A Note About Culture

 Building and adopting the widespread best practices we recommend in this book requires a culture that is supportive of such change. We feel it is essential that you address the culture of your organization in parallel with the technology choices you make to focus on both security and reliability, so that any adjustments you make are persistent and resilient. In our opinion, organizations that don’t embrace the importance of both security and reliability need to change—and revamping the culture of an organization in itself often demands an up-front investment.

We’ve woven technical best practices throughout the book and we support them with data, but it’s not possible to include data-backed cultural best practices. While this book calls out approaches that we think others can adapt or generalize, every organization has a distinct and unique culture. We discuss how Google has tried to work within its culture, but this may not be directly applicable to your organization. Instead, we encourage you to extract your own practical applications from the high-level recommendations we’ve included in this book.

How to Read This Book

While this book includes plenty of examples, it’s not a cookbook. It presents Google and industry stories, and shares what we’ve learned over the years. Everyone’s infrastructure is different, so you may need to significantly adapt some of the solutions we present, and some solutions may not apply to your organization at all. We try to present high-level principles and practical solutions that you can implement in a way that suits your unique environment.

We recommend you start with Chapter 1 and Chapter 2, and then read the chapters that most interest you.
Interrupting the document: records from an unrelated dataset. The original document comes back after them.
(* The comodule configuration $u:\mathbb B_{\bullet,0}\to\mathbf I$ is complete: defining $t_{\top+1}:\mathbb B_{i,j}\to\mathbb B_{i+1,j}$ by moving the discrete part of the bottom layer of the poset (the elements of the first poset layer comparable to no other element of $P$) into a new top layer of the set, the maps $t_{\top+1}$ are sections of the top vertical face maps $e_\top=e_{i+1}:\mathbb B_{i+1,j}\to\mathbb B_{i,j}$ and are monomorphisms of groupoids; they provide a left pointing.
   Context: For $n\ge0$, $\underline n=\{1,\dots,n\}$. $\mathbf I$ is the simplicial groupoid of layered finite sets ($\mathbf I_n$: maps $S\to\underline n$, $S$ a finite set). For $i,j\ge0$, $\mathbb B_{i,j}$ is the groupoid of pairs $(a:S\to\underline i,\ b:P\to\underline{j+1})$ with $S$ a finite set and $P$ a finite poset with monotone layering $b$, morphisms pairs of isomorphisms over the layerings. Vertical maps: $e_0:\mathbb B_{i,j}\to\mathbb B_{i-1,j}$ deletes the first set layer, $e_k$ ($0<k<i$) joins set layers $k,k+1$, and the top face map $e_i$ removes the last set layer and adds its elements, discretely ordered and incomparable with all of $P$, to the first poset layer; $t_k$ inserts an empty $(k+1)$st set layer. The augmentation $u:\mathbb B_{i,0}\to\mathbf I_i$ deletes the poset. A comodule configuration is a culf map from a Segal groupoid to a decomposition space; it is left pointed if equipped with extra top degeneracy maps $t_{\top+1}$ that are sections of the top face maps $e_\top$, and complete if these are monomorphisms (maps of groupoids whose homotopy fibres are empty or contractible). *)

(* Layers {1,..,n} are encoded as 'I_n = {0,..,n-1}. *)
From mathcomp Require Import all_boot.
Set Warnings "-notation-overridden".

(* Objects of B_{i,j}: a finite set S layered over {1..i}, and a finite
   poset P with a monotone layering over {1..j+1}.                     *)
Record BObj (i j : nat) := {
  bS : finType;
  bA : bS -> 'I_i;
  bP : finType;
  ble : rel bP;
  ble_refl : reflexive ble;
  ble_anti : antisymmetric ble;
  ble_trans : transitive ble;
  bB : bP -> 'I_j.+1;
  bB_mono : forall p q, ble p q -> bB p <= bB q }.
Arguments bS {i j} _.
Arguments bA {i j} _ _.
Arguments bP {i j} _.
Arguments ble {i j} _ _ _.
Arguments bB {i j} _ _.

Record BHom (i j : nat) (X Y : BObj i j) := {
  hS : bS X -> bS Y;
  hSinv : bS Y -> bS X;
  hS_K : cancel hS hSinv;
  hS_K' : cancel hSinv hS;
  hS_a : forall s, bA Y (hS s) = bA X s;
  hP : bP X -> bP Y;
  hPinv : bP Y -> bP X;
  hP_K : cancel hP hPinv;
  hP_K' : cancel hPinv hP;
  hP_b : forall p, bB Y (hP p) = bB X p;
  hP_le : forall p q, ble Y (hP p) (hP q) = ble X p q }.

Arguments BHom {i j} X Y.
Arguments hS {i j X Y} _ _.
Arguments hSinv {i j X Y} _ _.
Arguments hP {i j X Y} _ _.
Arguments hPinv {i j X Y} _ _.
Arguments hS_K {i j X Y} _ _.
Arguments hS_K' {i j X Y} _ _.
Arguments hS_a {i j X Y} _ _.
Arguments hP_K {i j X Y} _ _.
Arguments hP_K' {i j X Y} _ _.
Arguments hP_b {i j X Y} _ _.
Arguments hP_le {i j X Y} _ _ _.
Arguments ble_refl {i j} _ _.
Arguments ble_anti {i j} _ _ _ _.
Arguments ble_trans {i j} _ _ _ _ _ _.
Arguments bB_mono {i j} _ _ _ _.
Lemma psum_normK p x y : p != 0 -> psum_norm p x y `^ p = x `^ p + y `^ p.
Proof. by move=> p0; rewrite powRVK // addr_ge0 ?powR_ge0. Qed.

(* The cap keeps the colouring finite on sequences that do not come from H_j. *)
Definition band d K x : nat := minn (Num.truncn (x / d)) (Num.truncn (K / d)).

Lemma band_lt d K x : (band d K x < (Num.truncn (K / d)).+1)%N.
Proof. by rewrite ltnS geq_minr. Qed.

Lemma band_itv d K x : 0 < d -> 0 <= x <= K ->
  (band d K x)%:R * d <= x < (band d K x).+1%:R * d.
Proof.
move=> d0 /andP[x0 xK].
rewrite /band; have /minn_idPl-> : (Num.truncn (x / d) <= Num.truncn (K / d))%N.
  by apply: le_truncn; rewrite ler_pM2r ?invr_gt0.
rewrite -ler_pdivlMr // -ltr_pdivrMr //; exact: truncn_itv (divr_ge0 x0 (ltW d0)).
Qed.

Lemma sup_powR_bands {T} (P : set T) (a b : T -> R) p d H (ca cb : nat) :
  0 < p -> 0 <= d -> 0 <= H -> (forall t, 0 <= a t) -> (forall t, 0 <= b t) ->
  (forall t, P t -> a t `^ p + b t `^ p <= H) ->
  (forall t, P t -> ca%:R * d <= a t `^ p < ca.+1%:R * d) ->
  (forall t, P t -> cb%:R * d <= b t `^ p < cb.+1%:R * d) ->
  sup [set a t | t in P] `^ p + sup [set b t | t in P] `^ p <= H + d *+ 2.
Proof.
move=> p0 d0 H0 a0 b0 abH ha hb.
have [[t0 Pt0]|/nonemptyPn->] := pselect (P !=set0); last first.
  by rewrite !image_set0 sup0 powR0 ?gt_eqF // addr0 addr_ge0 ?mulrn_wge0.
have supa : sup [set a t | t in P] `^ p <= ca.+1%:R * d.
  by apply: powR_sup_le => // [|t /ha/andP[_ /ltW]//]; rewrite mulr_ge0.
have supb : sup [set b t | t in P] `^ p <= cb.+1%:R * d.
  by apply: powR_sup_le => // [|t /hb/andP[_ /ltW]//]; rewrite mulr_ge0.
apply: le_trans (lerD supa supb) _.
have /andP[ha0 _] := ha t0 Pt0; have /andP[hb0 _] := hb t0 Pt0.
have := le_trans (lerD ha0 hb0) (abH t0 Pt0).
rewrite -addn1 -(addn1 cb) !natrD !mulrDl !mul1r mulr2n; lra.
Qed.

End PowR.

Definition step_colour {R : realType} {k} (i : nat) (D : k.-tuple nat -> k.-tuple nat -> R)
    (d K : R) (s : seq nat) : nat :=
  band d K (D (del_nth k i.+1 s) (del_nth k i s)).

Lemma homogeneous_step_colour {R : realType} {M : set nat} {k} {j : 'I_k}
    {D : k.-tuple nat -> k.-tuple nat -> R} {d K : R} {col} :
  homogeneous k.+1 (step_colour j D d K) M col ->
  0 < d -> (forall t, Hj M j t -> 0 <= D t.1 t.2 <= K) ->
  forall t, Hj M j t -> col%:R * d <= D t.1 t.2 < col.+1%:R * d.
Proof.
move=> hom d0 DK [n m] Mnm; have [s [sz srt sM en em]] := Hj_merge Mnm.
by rewrite -(hom s sz srt sM) /step_colour en em; apply: band_itv => //; exact: DK Mnm.
Qed.

Lemma subset_Hj {M M' : set nat} {k} {j : 'I_k} : M `<=` M' -> Hj M j `<=` Hj M' j.
Proof.
by move=> MM' [n m] [[sn Mn] [[sm Mm] nm]]; split; [|split] => //; split=> // i; apply: MM'.
Qed.

Lemma LipjD_ub {R : realType} (M : set nat) k (j : 'I_k)
    (D : k.-tuple nat -> k.-tuple nat -> R) (b : R) t :
  (forall t, Hj M j t -> D t.1 t.2 <= b) -> Hj M j t -> D t.1 t.2 <= LipjD M j D.
Proof. by move=> Db Mt; apply: ub_le_sup; [exists b => _ [u /Db uB <-] | exists t]. Qed.

Lemma dHam_le k (n m : k.-tuple nat) : (dHam n m <= k)%N.
Proof. by rewrite /dHam (leq_trans (max_card _)) ?card_ord. Qed.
Most chapters begin with a boxed preface or executive summary that outlines the following:

Within each chapter, topics are generally ordered from the most fundamental to the most sophisticated. We also call out deep dives and specialized subjects with an alligator icon.

This book recommends many tools or techniques considered to be good practice in the industry. Not every idea will be suitable for your particular use case, so you should evaluate the requirements of your project and design solutions adapted to your particular risk landscape.

While this book aims to be self-contained, you will find references to Site Reliability Engineering and The Site Reliability Workbook, where experts from Google describe how reliability is fundamental to service design. Reading these books may give you a deeper understanding of certain concepts but is not a prerequisite.

We hope you enjoy this book, and that some of the information in these pages can help you improve the reliability and security of your systems.

Conventions Used in This Book

The following typographical conventions are used in this book:

Indicates new terms, URLs, email addresses, filenames, and file extensions.
Constant width
Used for program listings, as well as within paragraphs to refer to program elements such as variable or function names, databases, data types, environment variables, statements, and keywords.
Constant width bold
Shows commands or other text that should be typed literally by the user. Also used for emphasis within program listings.
Constant width italic
Shows text that should be replaced with user-supplied values or by values determined by context.

This element signifies a general note.

This icon indicates a deep dive.

1See, for example, Dino Dai Zovi’s “Every Security Team Is a Software Team Now” talk at Black Hat USA 2019, Open Security Summit’s DevSecOps track, and Dave Shackleford’s “A DevSecOps Playbook” SANS Analyst paper.